● **Supplied data**
Lemma normInf_ge0 p : 0 <= normInf p.
Proof.
rewrite /normInf; elim/big_ind: _ => [//|x y x0 y0|s _]; last exact: normr_ge0.
by rewrite le_max x0.
Qed.

Lemma normInf_le p (b : R) :
  0 <= b -> (forall s, `|p s| <= b) -> normInf p <= b.
Proof. by move=> b0 pb; apply: bigmax_le. Qed.

Lemma ler_normInf p s : `|p s| <= normInf p.
Proof. exact: le_bigmax. Qed.

Lemma normInf0 : normInf (0 : S -> R) = 0.
Proof.
apply/eqP; rewrite eq_le normInf_ge0 andbT.
by rewrite normInf_le // => s; rewrite normr0.
Qed.

Lemma normInf_subr_triangle p q r :
  normInf (p - r) <= normInf (p - q) + normInf (q - r).
Proof.
apply: normInf_le => [|s]; first by rewrite addr_ge0 // normInf_ge0.
have -> : (p - r) s = (p - q) s + (q - r) s by rewrite /= addrA subrK.
by apply: le_trans (ler_normD _ _) _; apply: lerD; apply: ler_normInf.
Qed.

Lemma normInf_le_sum p : normInf p <= \sum_s `|p s|.
Proof.
apply: normInf_le => [|s]; first exact: sumr_ge0.
by rewrite (bigD1 s) //= lerDl; exact: sumr_ge0.
Qed.

End SupNorm.

Section Empirical.
Context {R : realType} {S : finType} {n : nat}.
Implicit Types x : 'I_n -> S.

Lemma card_fiberE x s : (#|[set i | x i == s]|%:R : R) = \sum_i (x i == s)%:R.
Proof.
rewrite -sum1_card natr_sum big_mkcond /=; apply: eq_bigr => i _.
have -> : (i \in [set i0 | x i0 == s]) = (x i == s).
  by apply/idP/idP => [/set_mem //|xs]; apply/mem_set.
by case: (x i == s).
Qed.

Lemma sum_card_fiberM x (F : S -> R) :
  \sum_s #|[set i | x i == s]|%:R * F s = \sum_i F (x i).
Proof.
under eq_bigr do rewrite card_fiberE mulr_suml.
rewrite exchange_big /=; apply: eq_bigr => i _.
rewrite (bigD1 (x i)) //= eqxx mul1r big1 ?addr0 // => s /negPf.
by rewrite eq_sym => ->; rewrite mul0r.
Qed.

Lemma sum_empiricalM x (F : S -> R) :
  \sum_s empirical x s * F s = n%:R^-1 * \sum_i F (x i).
Proof.
rewrite -sum_card_fiberM mulr_sumr; apply: eq_bigr => s _.
by rewrite /empirical mulrAC mulrC.
Qed.

Lemma empirical_prob x : (0 < n)%N -> is_prob (empirical x : S -> R).
Proof.
move=> n0; split => [s|]; first by rewrite /empirical divr_ge0.
have := sum_empiricalM x (fun _ => 1).
under eq_bigr do rewrite mulr1; move=> ->.
by rewrite sumr_const card_ord mulVf // pnatr_eq0 -lt0n.
Qed.

End Empirical.

Section Kernel.
Context {R : realType} {S W : finType} (PW : W -> R)
  (f : S -> (S -> R) -> W -> S).
Hypothesis PW_prob : is_prob PW.

Lemma kernelT_ge0 s' s m : 0 <= kernelT PW f s' s m.
Proof. by apply: sumr_ge0 => u _; rewrite mulr_ge0 // PW_prob.1. Qed.

Lemma kernelT_le1 s' s m : kernelT PW f s' s m <= 1.
Proof.
rewrite -PW_prob.2; apply: ler_sum => u _.
by rewrite ler_piMr ?PW_prob.1 //; case: (_ == _).
Qed.

Lemma sum_kernelT s m : \sum_s' kernelT PW f s' s m = 1.
Proof.
rewrite /kernelT exchange_big /= -[RHS]PW_prob.2; apply: eq_bigr => u _.
rewrite -mulr_sumr (bigD1 (f s m u)) //= eqxx big1 ?addr0 ?mulr1 //.
by move=> s' /negPf ->.
Qed.

Lemma Tbar_prob p : is_prob p -> is_prob (Tbar PW f p).
Proof.
move=> [p0 p1]; split => [s'|].
  by apply: sumr_ge0 => s _; rewrite mulr_ge0 // kernelT_ge0.
rewrite /Tbar exchange_big /= -p1; apply: eq_bigr => s _.
by rewrite -mulr_sumr sum_kernelT mulr1.
Qed.

Lemma iter_Tbar_prob t p : is_prob p -> is_prob (iter t (Tbar PW f) p).
Proof. by move=> pp; elim: t => //= t; exact: Tbar_prob. Qed.

End Kernel.

Definition iid_expect {R : realType} {W : finType} (p : W -> R) (n : nat)
  (F : {ffun 'I_n -> W} -> R) : R :=
  \sum_(v : {ffun 'I_n -> W}) (\prod_k p (v k)) * F v.

Section IidExpectation.
Context {R : realType} {W : finType} (p : W -> R) (n : nat).
Hypothesis p_prob : is_prob p.
Local Notation E := (iid_expect p n).
Implicit Types F G : {ffun 'I_n -> W} -> R.

Lemma iid_expect_prod (a : 'I_n -> W -> R) :
  E (fun v => \prod_k a k (v k)) = \prod_k \sum_u p u * a k u.
Proof.
by rewrite bigA_distr_bigA; apply: eq_bigr => v _; rewrite big_split.
Qed.

Lemma iid_expect_cst (b : R) : E (fun _ => b) = b.
Proof.
have total : \sum_(v : {ffun 'I_n -> W}) \prod_k p (v k) = 1.
  have := iid_expect_prod (fun _ _ => 1).
  rewrite /iid_expect
    (eq_bigr (fun v : {ffun 'I_n -> W} => \prod_k p (v k))) => [->|v _].
    by apply: big1 => k _; under eq_bigr do rewrite mulr1; exact: p_prob.2.
  by rewrite big1_eq mulr1.
by rewrite /iid_expect -mulr_suml total mul1r.
Qed.

Lemma iid_expect_ler F G : (forall v, F v <= G v) -> E F <= E G.
Proof.
move=> FG; apply: ler_sum => v _; apply: ler_wpM2l => //.
by apply: prodr_ge0 => k _; exact: p_prob.1.
Qed.

Lemma iid_expect_sum (I : finType) (F : I -> {ffun 'I_n -> W} -> R) :
  E (fun v => \sum_i F i v) = \sum_i E (F i).
Proof.
by rewrite /iid_expect exchange_big; apply: eq_bigr => v _; rewrite mulr_sumr.
Qed.

Lemma iid_expect_affine (a b : R) F : E (fun v => a * F v + b) = a * E F + b.
Proof.
rewrite -[b in RHS]iid_expect_cst /iid_expect mulr_sumr -big_split /=.
by apply: eq_bigr => v _; rewrite mulrDr mulrCA.
Qed.

Lemma iid_expect_uncorrelated i j (a b : W -> R) :
  i != j -> \sum_u p u * a u = 0 -> E (fun v => a (v i) * b (v j)) = 0.
Proof.
move=> ij a0.
pose c k u := if k == i then a u else if k == j then b u else 1.
have -> : (fun v : {ffun 'I_n -> W} => a (v i) * b (v j)) =
    (fun v => \prod_k c k (v k)).
  apply/funext => v; rewrite (bigD1 i) //= (bigD1 j) 1?eq_sym //= big1.
    by rewrite /c eqxx eq_sym (negPf ij) eqxx mulr1.
  by move=> k /andP[ki kj]; rewrite /c (negPf ki) (negPf kj).
rewrite iid_expect_prod (bigD1 i) //=.
by rewrite (eq_bigr (fun u => p u * a u)) ?a0 ?mul0r // => u _; rewrite /c eqxx.
Qed.

Lemma iid_expect_sum_sqr_le (a : 'I_n -> W -> R) :
  (forall i, \sum_u p u * a i u = 0) -> (forall i u, a i u ^+ 2 <= 1) ->
  E (fun v => (\sum_i a i (v i)) ^+ 2) <= n%:R.
Proof.
move=> a0 a1.
have -> : (fun v : {ffun 'I_n -> W} => (\sum_i a i (v i)) ^+ 2) =
    (fun v => \sum_i \sum_j a i (v i) * a j (v j)).
  apply/funext => v; rewrite expr2 mulr_suml.
  by under eq_bigr do rewrite mulr_sumr.
rewrite iid_expect_sum -[n in n%:R]card_ord -sumr_const; apply: ler_sum => i _.
rewrite iid_expect_sum (bigD1 i) //= big1 => [|j ji]; last first.
  by apply: iid_expect_uncorrelated; rewrite // eq_sym.
rewrite addr0 -[1]iid_expect_cst; apply: iid_expect_ler => v.
by rewrite -expr2.
Qed.

End IidExpectation.

Lemma normr_le_AMGM {R : realFieldType} (a z : R) : 0 < a ->
  `|z| <= (a * z ^+ 2 + a^-1) / 2.
Proof.
move=> a0; rewrite -(real_normK (num_real z)) -subr_ge0.
have -> : (a * `|z| ^+ 2 + a^-1) / 2 - `|z| = a^-1 * (a * `|z| - 1) ^+ 2 / 2.
  by field; rewrite gt_eqF.
by rewrite divr_ge0 // mulr_ge0 ?sqr_ge0 // invr_ge0 ltW.
Qed.

Section Fluctuation.
Context {R : realType} {S W : finType} (PW : W -> R)
  (f : S -> (S -> R) -> W -> S) {n : nat}.
Hypothesis PW_prob : is_prob PW.
Hypothesis n_gt0 : (0 < n)%N.
Implicit Types (x : 'I_n -> S).

Definition step x (v : 'I_n -> W) : 'I_n -> S :=
  fun i => f (x i) (empirical x) (v i).

Definition fluctuation x (v : 'I_n -> W) : S -> R :=
  empirical (step x v) - Tbar PW f (empirical x).

Definition transition_noise x s' i u : R :=
  (s' == f (x i) (empirical x) u)%:R - kernelT PW f s' (x i) (empirical x).

Lemma fluctuationE x (v : 'I_n -> W) s' :
  fluctuation x v s' = n%:R^-1 * \sum_i transition_noise x s' i (v i).
Proof.
rewrite /fluctuation !fctE /Tbar sum_empiricalM {1}/empirical card_fiberE.
rewrite mulrC -mulrBr -sumrB; congr (_ * _); apply: eq_bigr => i _.
by rewrite /transition_noise eq_sym.
Qed.

Lemma transition_noise_mean x s' i :
  \sum_u PW u * transition_noise x s' i u = 0.
Proof.
rewrite /transition_noise; under eq_bigr do rewrite mulrBr.
by rewrite sumrB -mulr_suml PW_prob.2 mul1r subrr.
Qed.

Lemma transition_noise_sqr_le1 x s' i u : transition_noise x s' i u ^+ 2 <= 1.
Proof.
have k0 := kernelT_ge0 PW f PW_prob s' (x i) (empirical x).
have k1 := kernelT_le1 PW f PW_prob s' (x i) (empirical x).
by rewrite /transition_noise; case: (_ == _); rewrite /= ?mulr1n ?mulr0n; nra.
Qed.

Lemma iid_expect_fluctuation_sqr x s' :
  iid_expect PW n (fun v => fluctuation x v s' ^+ 2) <= n%:R^-1.
Proof.
have nz : (n%:R : R) != 0 by rewrite pnatr_eq0 -lt0n.
under eq_fun do rewrite fluctuationE exprMn -[_ * _]addr0.
rewrite iid_expect_affine // addr0.
have := iid_expect_sum_sqr_le PW n PW_prob _ (transition_noise_mean x s')
  (transition_noise_sqr_le1 x s').
move=> /(ler_wpM2l (sqr_ge0 (n%:R^-1 : R))) /le_trans; apply.
by rewrite expr2 -mulrA mulVf // mulr1.
Qed.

● **Problem requirements**
Using the entries above, give again exactly the lines from the line holding "move=> [p0 p1]; split => [s'|]." through the line holding "move=> FG; apply: ler_sum". Include both end lines and nothing else.

● **Written solution**
move=> [p0 p1]; split => [s'|].
  by apply: sumr_ge0 => s _; rewrite mulr_ge0 // kernelT_ge0.
rewrite /Tbar exchange_big /= -p1; apply: eq_bigr => s _.
by rewrite -mulr_sumr sum_kernelT mulr1.
Qed.

Lemma iter_Tbar_prob t p : is_prob p -> is_prob (iter t (Tbar PW f) p).
Proof. by move=> pp; elim: t => //= t; exact: Tbar_prob. Qed.

End Kernel.

Definition iid_expect {R : realType} {W : finType} (p : W -> R) (n : nat)
  (F : {ffun 'I_n -> W} -> R) : R :=
  \sum_(v : {ffun 'I_n -> W}) (\prod_k p (v k)) * F v.

Section IidExpectation.
Context {R : realType} {W : finType} (p : W -> R) (n : nat).
Hypothesis p_prob : is_prob p.
Local Notation E := (iid_expect p n).
Implicit Types F G : {ffun 'I_n -> W} -> R.

Lemma iid_expect_prod (a : 'I_n -> W -> R) :
  E (fun v => \prod_k a k (v k)) = \prod_k \sum_u p u * a k u.
Proof.
by rewrite bigA_distr_bigA; apply: eq_bigr => v _; rewrite big_split.
Qed.

Lemma iid_expect_cst (b : R) : E (fun _ => b) = b.
Proof.
have total : \sum_(v : {ffun 'I_n -> W}) \prod_k p (v k) = 1.
  have := iid_expect_prod (fun _ _ => 1).
  rewrite /iid_expect
    (eq_bigr (fun v : {ffun 'I_n -> W} => \prod_k p (v k))) => [->|v _].
    by apply: big1 => k _; under eq_bigr do rewrite mulr1; exact: p_prob.2.
  by rewrite big1_eq mulr1.
by rewrite /iid_expect -mulr_suml total mul1r.
Qed.

Lemma iid_expect_ler F G : (forall v, F v <= G v) -> E F <= E G.
Proof.
move=> FG; apply: ler_sum => v _; apply: ler_wpM2l => //.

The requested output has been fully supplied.